* **What you will do**
The response must consist of the lines below from the one with "(* sgn i j = Some" through the one with "Definition is_act (e", exactly as they appear and with both ends kept.

* **Information shown**
↓

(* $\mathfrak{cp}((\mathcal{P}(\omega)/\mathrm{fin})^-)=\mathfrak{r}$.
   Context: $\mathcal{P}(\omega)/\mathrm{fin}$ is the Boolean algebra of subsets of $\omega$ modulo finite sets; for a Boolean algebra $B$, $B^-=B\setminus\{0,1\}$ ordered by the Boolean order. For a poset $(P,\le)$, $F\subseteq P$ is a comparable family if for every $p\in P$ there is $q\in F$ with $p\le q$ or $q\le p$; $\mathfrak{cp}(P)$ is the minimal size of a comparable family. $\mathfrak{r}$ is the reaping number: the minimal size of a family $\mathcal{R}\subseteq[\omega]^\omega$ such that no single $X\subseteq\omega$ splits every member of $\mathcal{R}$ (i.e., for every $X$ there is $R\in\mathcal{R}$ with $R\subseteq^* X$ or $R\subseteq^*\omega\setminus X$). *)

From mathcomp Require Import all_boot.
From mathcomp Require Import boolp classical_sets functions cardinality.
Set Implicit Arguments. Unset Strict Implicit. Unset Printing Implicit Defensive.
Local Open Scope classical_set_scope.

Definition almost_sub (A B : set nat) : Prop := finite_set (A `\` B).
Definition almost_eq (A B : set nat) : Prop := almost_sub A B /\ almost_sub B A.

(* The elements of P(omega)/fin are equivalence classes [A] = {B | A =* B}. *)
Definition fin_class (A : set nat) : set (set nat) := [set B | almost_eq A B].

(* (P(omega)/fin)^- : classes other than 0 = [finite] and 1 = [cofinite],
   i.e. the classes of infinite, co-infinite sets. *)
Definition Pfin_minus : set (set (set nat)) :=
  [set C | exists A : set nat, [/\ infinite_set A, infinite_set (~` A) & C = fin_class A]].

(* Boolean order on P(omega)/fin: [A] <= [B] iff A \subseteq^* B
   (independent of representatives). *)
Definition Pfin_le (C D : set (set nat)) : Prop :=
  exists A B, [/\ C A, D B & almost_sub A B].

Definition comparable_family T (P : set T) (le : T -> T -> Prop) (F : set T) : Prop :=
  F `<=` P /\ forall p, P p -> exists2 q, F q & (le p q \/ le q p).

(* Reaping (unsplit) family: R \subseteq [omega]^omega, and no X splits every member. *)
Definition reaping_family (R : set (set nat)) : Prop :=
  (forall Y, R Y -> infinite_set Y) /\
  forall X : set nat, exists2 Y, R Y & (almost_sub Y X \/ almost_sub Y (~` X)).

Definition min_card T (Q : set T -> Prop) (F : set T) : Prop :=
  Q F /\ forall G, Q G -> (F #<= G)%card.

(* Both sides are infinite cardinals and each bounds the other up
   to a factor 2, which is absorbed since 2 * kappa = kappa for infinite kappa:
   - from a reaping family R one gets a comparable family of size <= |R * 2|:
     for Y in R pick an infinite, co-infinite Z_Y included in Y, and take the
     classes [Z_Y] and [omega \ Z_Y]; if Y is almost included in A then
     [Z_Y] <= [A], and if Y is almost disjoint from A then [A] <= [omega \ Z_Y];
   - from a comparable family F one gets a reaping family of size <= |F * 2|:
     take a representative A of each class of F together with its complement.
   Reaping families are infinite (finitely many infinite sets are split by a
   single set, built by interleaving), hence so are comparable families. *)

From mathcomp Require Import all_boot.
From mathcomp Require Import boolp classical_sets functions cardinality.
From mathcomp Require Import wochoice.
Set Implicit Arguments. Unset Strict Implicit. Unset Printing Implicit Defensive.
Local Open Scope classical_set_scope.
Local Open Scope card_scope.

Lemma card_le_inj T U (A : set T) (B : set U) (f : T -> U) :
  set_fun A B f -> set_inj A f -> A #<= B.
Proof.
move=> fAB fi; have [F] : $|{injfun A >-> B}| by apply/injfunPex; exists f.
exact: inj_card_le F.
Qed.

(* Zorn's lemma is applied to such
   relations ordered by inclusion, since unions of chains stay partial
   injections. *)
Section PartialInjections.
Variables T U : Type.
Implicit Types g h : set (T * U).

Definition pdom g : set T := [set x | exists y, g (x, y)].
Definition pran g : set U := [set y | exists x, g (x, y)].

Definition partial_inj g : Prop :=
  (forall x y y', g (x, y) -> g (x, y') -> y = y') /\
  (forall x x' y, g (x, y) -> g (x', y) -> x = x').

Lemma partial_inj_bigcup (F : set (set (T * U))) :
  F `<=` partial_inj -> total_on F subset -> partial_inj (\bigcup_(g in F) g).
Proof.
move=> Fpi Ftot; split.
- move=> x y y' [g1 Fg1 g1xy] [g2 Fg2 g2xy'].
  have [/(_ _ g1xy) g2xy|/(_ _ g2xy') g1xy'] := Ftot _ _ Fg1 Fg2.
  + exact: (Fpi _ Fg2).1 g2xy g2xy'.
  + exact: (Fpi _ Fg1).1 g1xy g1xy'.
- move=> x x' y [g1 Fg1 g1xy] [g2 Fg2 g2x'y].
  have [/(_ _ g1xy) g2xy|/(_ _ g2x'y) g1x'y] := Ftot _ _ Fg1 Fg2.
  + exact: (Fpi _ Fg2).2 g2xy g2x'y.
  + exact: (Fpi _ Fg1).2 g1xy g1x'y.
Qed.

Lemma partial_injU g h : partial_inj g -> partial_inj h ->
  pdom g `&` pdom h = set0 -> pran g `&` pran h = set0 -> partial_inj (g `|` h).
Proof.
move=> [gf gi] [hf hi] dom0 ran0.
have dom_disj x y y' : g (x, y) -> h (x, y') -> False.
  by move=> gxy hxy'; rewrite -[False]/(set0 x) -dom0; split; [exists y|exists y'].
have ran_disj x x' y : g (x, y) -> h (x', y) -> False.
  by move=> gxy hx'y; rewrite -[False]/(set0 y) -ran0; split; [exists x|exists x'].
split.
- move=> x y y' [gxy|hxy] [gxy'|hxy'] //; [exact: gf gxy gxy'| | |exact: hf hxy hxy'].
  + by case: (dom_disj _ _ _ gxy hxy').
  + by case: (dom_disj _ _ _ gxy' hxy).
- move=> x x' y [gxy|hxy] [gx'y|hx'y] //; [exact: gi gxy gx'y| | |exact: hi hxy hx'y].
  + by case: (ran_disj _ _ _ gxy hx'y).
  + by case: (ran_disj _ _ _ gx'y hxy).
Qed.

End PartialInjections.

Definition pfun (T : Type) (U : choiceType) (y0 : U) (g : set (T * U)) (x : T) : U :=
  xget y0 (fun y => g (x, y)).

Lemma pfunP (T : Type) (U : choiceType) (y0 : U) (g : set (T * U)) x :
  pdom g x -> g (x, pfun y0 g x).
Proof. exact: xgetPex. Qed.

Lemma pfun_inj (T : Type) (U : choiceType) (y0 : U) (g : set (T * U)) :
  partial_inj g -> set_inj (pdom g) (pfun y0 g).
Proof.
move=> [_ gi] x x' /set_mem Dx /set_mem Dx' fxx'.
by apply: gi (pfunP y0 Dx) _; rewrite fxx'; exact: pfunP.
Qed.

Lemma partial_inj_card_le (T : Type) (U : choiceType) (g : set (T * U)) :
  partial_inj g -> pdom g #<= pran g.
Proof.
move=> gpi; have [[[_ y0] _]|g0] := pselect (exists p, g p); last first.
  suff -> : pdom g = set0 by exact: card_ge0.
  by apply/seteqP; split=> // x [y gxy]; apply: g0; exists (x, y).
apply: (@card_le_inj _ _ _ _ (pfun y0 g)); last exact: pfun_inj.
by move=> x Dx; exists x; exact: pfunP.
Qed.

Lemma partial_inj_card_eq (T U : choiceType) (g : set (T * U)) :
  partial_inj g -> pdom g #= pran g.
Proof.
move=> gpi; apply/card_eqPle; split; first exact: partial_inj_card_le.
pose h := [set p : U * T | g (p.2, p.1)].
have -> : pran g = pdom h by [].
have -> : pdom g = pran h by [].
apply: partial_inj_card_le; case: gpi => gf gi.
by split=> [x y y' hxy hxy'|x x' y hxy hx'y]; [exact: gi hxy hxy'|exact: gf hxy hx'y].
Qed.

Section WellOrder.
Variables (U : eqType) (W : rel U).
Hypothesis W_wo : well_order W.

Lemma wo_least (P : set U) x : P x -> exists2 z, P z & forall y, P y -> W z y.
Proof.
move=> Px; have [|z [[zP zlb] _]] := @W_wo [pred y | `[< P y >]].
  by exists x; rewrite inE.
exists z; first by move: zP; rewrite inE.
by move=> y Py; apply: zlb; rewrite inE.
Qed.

↑
↓

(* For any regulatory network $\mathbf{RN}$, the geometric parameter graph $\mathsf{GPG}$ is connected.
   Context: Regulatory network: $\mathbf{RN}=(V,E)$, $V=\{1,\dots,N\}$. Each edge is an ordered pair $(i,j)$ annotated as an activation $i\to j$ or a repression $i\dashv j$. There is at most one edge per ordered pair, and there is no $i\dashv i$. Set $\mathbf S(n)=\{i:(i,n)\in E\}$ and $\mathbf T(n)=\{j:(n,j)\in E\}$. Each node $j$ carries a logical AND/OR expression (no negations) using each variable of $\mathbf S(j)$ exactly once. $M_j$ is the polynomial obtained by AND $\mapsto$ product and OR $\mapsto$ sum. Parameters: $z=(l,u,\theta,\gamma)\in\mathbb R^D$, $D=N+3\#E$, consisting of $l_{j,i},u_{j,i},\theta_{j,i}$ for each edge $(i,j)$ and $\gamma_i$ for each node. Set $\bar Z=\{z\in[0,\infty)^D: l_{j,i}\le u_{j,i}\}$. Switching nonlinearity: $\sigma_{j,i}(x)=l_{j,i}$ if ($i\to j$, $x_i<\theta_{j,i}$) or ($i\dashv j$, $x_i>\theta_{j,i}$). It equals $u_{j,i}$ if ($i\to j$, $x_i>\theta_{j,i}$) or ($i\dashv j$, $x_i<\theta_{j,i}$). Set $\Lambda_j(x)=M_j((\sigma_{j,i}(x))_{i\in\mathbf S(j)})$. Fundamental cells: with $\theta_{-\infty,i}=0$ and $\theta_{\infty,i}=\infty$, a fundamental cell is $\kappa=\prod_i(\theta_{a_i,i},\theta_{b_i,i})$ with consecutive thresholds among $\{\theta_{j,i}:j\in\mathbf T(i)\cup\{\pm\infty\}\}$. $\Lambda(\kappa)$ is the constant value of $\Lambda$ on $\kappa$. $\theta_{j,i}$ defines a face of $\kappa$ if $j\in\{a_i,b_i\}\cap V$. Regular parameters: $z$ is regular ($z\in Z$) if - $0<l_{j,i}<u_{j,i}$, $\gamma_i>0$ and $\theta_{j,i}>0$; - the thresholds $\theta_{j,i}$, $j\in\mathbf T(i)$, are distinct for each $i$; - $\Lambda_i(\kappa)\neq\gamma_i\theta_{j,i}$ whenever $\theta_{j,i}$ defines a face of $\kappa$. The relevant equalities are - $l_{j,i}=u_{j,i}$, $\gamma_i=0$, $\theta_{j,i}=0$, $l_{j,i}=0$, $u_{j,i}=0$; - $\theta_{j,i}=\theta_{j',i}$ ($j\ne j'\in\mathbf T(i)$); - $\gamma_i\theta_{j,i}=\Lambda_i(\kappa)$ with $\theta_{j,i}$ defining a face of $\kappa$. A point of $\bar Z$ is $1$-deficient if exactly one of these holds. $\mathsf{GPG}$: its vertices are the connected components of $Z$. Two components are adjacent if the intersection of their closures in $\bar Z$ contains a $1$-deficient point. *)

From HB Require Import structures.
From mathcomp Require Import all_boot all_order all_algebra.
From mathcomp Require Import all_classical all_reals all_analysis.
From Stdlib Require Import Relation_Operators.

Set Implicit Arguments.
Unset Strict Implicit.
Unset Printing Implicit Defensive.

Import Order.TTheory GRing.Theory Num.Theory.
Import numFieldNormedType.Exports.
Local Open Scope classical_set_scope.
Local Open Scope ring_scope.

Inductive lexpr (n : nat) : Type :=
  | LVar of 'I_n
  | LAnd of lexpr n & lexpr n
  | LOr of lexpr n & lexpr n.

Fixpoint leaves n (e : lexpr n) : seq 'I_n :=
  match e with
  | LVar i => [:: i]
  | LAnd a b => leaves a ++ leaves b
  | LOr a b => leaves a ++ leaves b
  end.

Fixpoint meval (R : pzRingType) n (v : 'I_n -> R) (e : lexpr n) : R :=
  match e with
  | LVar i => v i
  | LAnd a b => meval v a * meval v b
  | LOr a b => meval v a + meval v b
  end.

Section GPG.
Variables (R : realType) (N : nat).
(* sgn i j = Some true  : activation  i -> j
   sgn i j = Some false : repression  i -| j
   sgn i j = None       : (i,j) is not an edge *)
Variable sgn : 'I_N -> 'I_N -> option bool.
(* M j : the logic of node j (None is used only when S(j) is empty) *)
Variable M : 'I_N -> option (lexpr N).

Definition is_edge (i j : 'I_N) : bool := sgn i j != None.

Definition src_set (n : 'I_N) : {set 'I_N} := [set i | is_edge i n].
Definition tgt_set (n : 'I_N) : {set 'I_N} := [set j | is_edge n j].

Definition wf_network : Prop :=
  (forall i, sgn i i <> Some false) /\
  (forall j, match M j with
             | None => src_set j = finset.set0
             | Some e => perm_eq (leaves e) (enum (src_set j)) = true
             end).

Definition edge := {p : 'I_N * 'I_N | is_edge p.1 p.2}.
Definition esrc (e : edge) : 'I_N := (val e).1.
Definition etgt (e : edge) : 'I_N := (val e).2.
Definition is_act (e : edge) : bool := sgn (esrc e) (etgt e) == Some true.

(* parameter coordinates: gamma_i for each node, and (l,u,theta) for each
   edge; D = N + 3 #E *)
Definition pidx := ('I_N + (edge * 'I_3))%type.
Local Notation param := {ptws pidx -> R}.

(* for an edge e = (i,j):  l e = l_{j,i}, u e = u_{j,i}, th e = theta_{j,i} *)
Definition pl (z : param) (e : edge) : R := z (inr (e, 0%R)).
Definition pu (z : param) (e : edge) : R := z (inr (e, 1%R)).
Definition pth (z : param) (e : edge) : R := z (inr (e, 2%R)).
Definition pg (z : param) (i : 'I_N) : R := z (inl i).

↑

* **Result**
(* sgn i j = Some true  : activation  i -> j
   sgn i j = Some false : repression  i -| j
   sgn i j = None       : (i,j) is not an edge *)
Variable sgn : 'I_N -> 'I_N -> option bool.
(* M j : the logic of node j (None is used only when S(j) is empty) *)
Variable M : 'I_N -> option (lexpr N).

Definition is_edge (i j : 'I_N) : bool := sgn i j != None.

Definition src_set (n : 'I_N) : {set 'I_N} := [set i | is_edge i n].
Definition tgt_set (n : 'I_N) : {set 'I_N} := [set j | is_edge n j].

Definition wf_network : Prop :=
  (forall i, sgn i i <> Some false) /\
  (forall j, match M j with
             | None => src_set j = finset.set0
             | Some e => perm_eq (leaves e) (enum (src_set j)) = true
             end).

Definition edge := {p : 'I_N * 'I_N | is_edge p.1 p.2}.
Definition esrc (e : edge) : 'I_N := (val e).1.
Definition etgt (e : edge) : 'I_N := (val e).2.
Definition is_act (e : edge) : bool := sgn (esrc e) (etgt e) == Some true.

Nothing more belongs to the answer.